**WORK TO BE COMPLETED**
From the data that follows, print exactly the lines starting at the one containing "Let formZl := formZl B_bilin." and ending at the one containing "Lemma eps_swap a b : eps b a = (eps a b)^-1."; include both of them and nothing more.
----------------
(** Pairing with the invariant form moves [P] and [T] to the other argument:
    [B(P_x(y,z), w) = eps(x,y) B(y, P_x(z,w))], and [B(T(y,z)(v), u)] is
    [B(v, P_u(y,z))] times a product of values of [eps].  As [B] is
    nondegenerate and [A] is spanned by homogeneous elements, each coherence
    identity, paired with a homogeneous [u], becomes the F-manifold identity for
    [P_(x y)] or [P_(x u)] plus an identity between products of values of [eps].
    The second identity also needs a degree constraint: cycling a product
    through [B] shows that [B(y, x z)] vanishes unless [eps(z, y + x) = 1]. *)

From HB Require Import structures.
From mathcomp Require Import all_boot all_order all_algebra.
From mathcomp Require Import ring.
Set Implicit Arguments. Unset Strict Implicit. Unset Printing Implicit Defensive.
Import GRing.Theory.
Local Open Scope ring_scope.

Section LinearFun.
Variables (R : pzRingType) (U V : lmodType R) (f : U -> V).
Hypothesis f_lin : linear f.

Let fL : {linear U -> V} := HB.pack f (GRing.isLinear.Build R U V *:%R f f_lin).

Lemma linear_fun0 : f 0 = 0. Proof. exact: (raddf0 fL). Qed.
Lemma linear_funD u v : f (u + v) = f u + f v. Proof. exact: (raddfD fL). Qed.
Lemma linear_funN u : f (- u) = - f u. Proof. exact: (raddfN fL). Qed.
Lemma linear_funB u v : f (u - v) = f u - f v. Proof. exact: (raddfB fL). Qed.
Lemma linear_funZ k u : f (k *: u) = k *: f u. Proof. exact: (linearZZ fL). Qed.

End LinearFun.

Section BilinearForm.
Variables (K : fieldType) (A : vectType K) (B : A -> A -> K).
Hypothesis B_bilin : bilin_form B.

Let B_linl z : linear (fun x => B x z : K^o).
Proof. by move=> k x y; case: B_bilin. Qed.

Let B_linr x : linear (B x : A -> K^o).
Proof. by move=> k y z; case: B_bilin. Qed.

Lemma formDl x y z : B (x + y) z = B x z + B y z.
Proof. exact: linear_funD (B_linl z) x y. Qed.
Lemma formNl x z : B (- x) z = - B x z.
Proof. exact: linear_funN (B_linl z) x. Qed.
Lemma formBl x y z : B (x - y) z = B x z - B y z.
Proof. exact: linear_funB (B_linl z) x y. Qed.
Lemma formZl k x z : B (k *: x) z = k * B x z.
Proof. exact: linear_funZ (B_linl z) k x. Qed.
Lemma form0r x : B x 0 = 0.
Proof. exact: linear_fun0 (B_linr x). Qed.
Lemma formDr x y z : B x (y + z) = B x y + B x z.
Proof. exact: linear_funD (B_linr x) y z. Qed.
Lemma formNr x y : B x (- y) = - B x y.
Proof. exact: linear_funN (B_linr x) y. Qed.
Lemma formBr x y z : B x (y - z) = B x y - B x z.
Proof. exact: linear_funB (B_linr x) y z. Qed.
Lemma formZr k x y : B x (k *: y) = k * B x y.
Proof. exact: linear_funZ (B_linr x) k y. Qed.

End BilinearForm.

Section InvariantForm.
Variables (G : zmodType) (K : fieldType) (A : vectType K).
Variables (eps : G -> G -> K) (Ag : G -> {vspace A}) (mul br : A -> A -> A).
Variable B : A -> A -> K.

Hypothesis eps_neq0 : forall a b, eps a b != 0.
Hypothesis eps_skew : forall a b, eps a b * eps b a = 1.
Hypothesis eps_addr : forall a b c, eps a (b + c) = eps a b * eps a c.
Hypothesis eps_addl : forall a b c, eps (a + b) c = eps a c * eps b c.
Hypothesis Ag_span : forall x : A, exists s : seq G, x \in (\sum_(a <- s) Ag a)%VS.

Hypothesis mul_linr : forall x, linear (mul x).
Hypothesis mul_graded : forall a b x y, x \in Ag a -> y \in Ag b ->
  mul x y \in Ag (a + b).
Hypothesis mul_eps_comm : forall a b x y, x \in Ag a -> y \in Ag b ->
  mul x y = eps a b *: mul y x.

Hypothesis br_linr : forall x, linear (br x).
Hypothesis br_graded : forall a b x y, x \in Ag a -> y \in Ag b ->
  br x y \in Ag (a + b).
Hypothesis br_eps_skew : forall a b x y, x \in Ag a -> y \in Ag b ->
  br x y = - (eps a b *: br y x).

Notation P := (Pop eps mul br).
Notation T := (Top eps mul br).

Hypothesis Pop_mul : forall a b c d x y z w,
  x \in Ag a -> y \in Ag b -> z \in Ag c -> w \in Ag d ->
  P (a + b) c (mul x y) z w = mul x (P b c y z w) + eps a b *: mul y (P a c x z w).

Hypothesis B_bilin : bilin_form B.
Hypothesis formC : forall x y, B x y = B y x.
Hypothesis form_nondeg : forall x, (forall y, B x y = 0) -> x = 0.
Hypothesis form_mulA : forall a b c x y z, x \in Ag a -> y \in Ag b -> z \in Ag c ->
  B (mul x y) z = B x (mul y z).
Hypothesis form_brA : forall a b c x y z, x \in Ag a -> y \in Ag b -> z \in Ag c ->
  B (br x y) z = B x (br y z).

Let mulrZ x k v : mul x (k *: v) = k *: mul x v.
Proof. exact: linear_funZ (mul_linr x) k v. Qed.
Let mulrN x v : mul x (- v) = - mul x v.
Proof. exact: linear_funN (mul_linr x) v. Qed.
Let brrZ x k v : br x (k *: v) = k *: br x v.
Proof. exact: linear_funZ (br_linr x) k v. Qed.

Let formDl := formDl B_bilin.
Let formNl := formNl B_bilin.
Let formBl := formBl B_bilin.
Let formZl := formZl B_bilin.
Let formDr := formDr B_bilin.
Let formNr := formNr B_bilin.
Let formBr := formBr B_bilin.
Let formZr := formZr B_bilin.

Lemma eps_swap a b : eps b a = (eps a b)^-1.
Proof. by apply: (mulfI (eps_neq0 a b)); rewrite eps_skew mulfV. Qed.

Lemma form_homog_inj X Y :
  (forall f u, u \in Ag f -> B X u = B Y u) -> X = Y.
Proof.
move=> eqXY; apply/eqP; rewrite -subr_eq0; apply/eqP; apply: form_nondeg => u.
have [s] := Ag_span u; elim: s u => [|a s IHs] u.
  by rewrite big_nil memv0 => /eqP ->; rewrite (form0r B_bilin).
rewrite big_cons => /memv_addP [u1 u1a [u2 u2s ->]].
by rewrite formDr (IHs u2 u2s) formBl (eqXY _ _ u1a) subrr addr0.
Qed.

Lemma Pop_graded a b c x y z : x \in Ag a -> y \in Ag b -> z \in Ag c ->
  P a b x y z \in Ag (a + b + c).
Proof.
move=> xa yb zc; apply: rpredB; [apply: rpredB | apply: rpredZ].
- by rewrite -addrA; apply: br_graded xa (mul_graded yb zc).
- exact: mul_graded (br_graded xa yb) zc.
- by rewrite -addrA addrCA; apply: mul_graded yb (br_graded xa zc).
Qed.

Lemma Top_graded b c d y z w : y \in Ag b -> z \in Ag c -> w \in Ag d ->
  T b c y z w \in Ag (b + c + d).
Proof.
move=> yb zc wd; apply: rpredD; [apply: rpredB; [rewrite rpredN; apply: rpredZ|] |].
- by rewrite -addrA addrCA; apply: br_graded zc (mul_graded yb wd).
- by rewrite -addrA; apply: br_graded yb (mul_graded zc wd).
- exact: br_graded (mul_graded yb zc) wd.
Qed.

Lemma Pop_swap a b c x y z : x \in Ag a -> y \in Ag b -> z \in Ag c ->
  P a b x y z = eps b c *: P a c x z y.
Proof.
move=> xa yb zc; apply: form_homog_inj => f u _.
rewrite /Pop (mul_eps_comm yb zc) brrZ (mul_eps_comm (br_graded xa yb) zc).
rewrite (mul_eps_comm yb (br_graded xa zc)).
rewrite !formBl !formZl !formBl !formZl eps_addl eps_addr (eps_swap a b).
by field; rewrite !eps_neq0.
Qed.

Lemma form_Pop a b c d x y z w :
  x \in Ag a -> y \in Ag b -> z \in Ag c -> w \in Ag d ->
  B (P a b x y z) w = eps a b * B y (P a c x z w).
Proof.
move=> xa yb zc wd; have yzbc := mul_graded yb zc.
have e1 : B (br x (mul y z)) w = - (eps a (b + c) * B y (mul z (br x w))).
  by rewrite (br_eps_skew xa yzbc) formNl formZl (form_brA yzbc xa wd)
    (form_mulA yb zc (br_graded xa wd)).
have e2 : B (mul (br x y) z) w = - (eps a b * B y (br x (mul z w))).
  by rewrite (form_mulA (br_graded xa yb) zc wd) (br_eps_skew xa yb) formNl formZl
    (form_brA yb xa (mul_graded zc wd)).
have e3 : B (mul y (br x z)) w = B y (mul (br x z) w).
  exact: form_mulA yb (br_graded xa zc) wd.
rewrite /Pop !formBl formZl e1 e2 e3 !formBr formZr eps_addr.
ring.
Qed.

Lemma form_mul_cycle a b c x y z : x \in Ag a -> y \in Ag b -> z \in Ag c ->
  eps c (b + a) * B y (mul x z) = B y (mul x z).
Proof.
move=> xa yb zc; rewrite eps_addr -mulrA.
rewrite -formZr -(mul_eps_comm zc xa) -(form_mulA yb zc xa) -formZl.
rewrite -(mul_eps_comm zc yb) (form_mulA zc yb xa) formC.
exact: form_mulA yb xa zc.
Qed.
----------------
**THE ANSWER**
Let formZl := formZl B_bilin.
Let formDr := formDr B_bilin.
Let formNr := formNr B_bilin.
Let formBr := formBr B_bilin.
Let formZr := formZr B_bilin.

Lemma eps_swap a b : eps b a = (eps a b)^-1.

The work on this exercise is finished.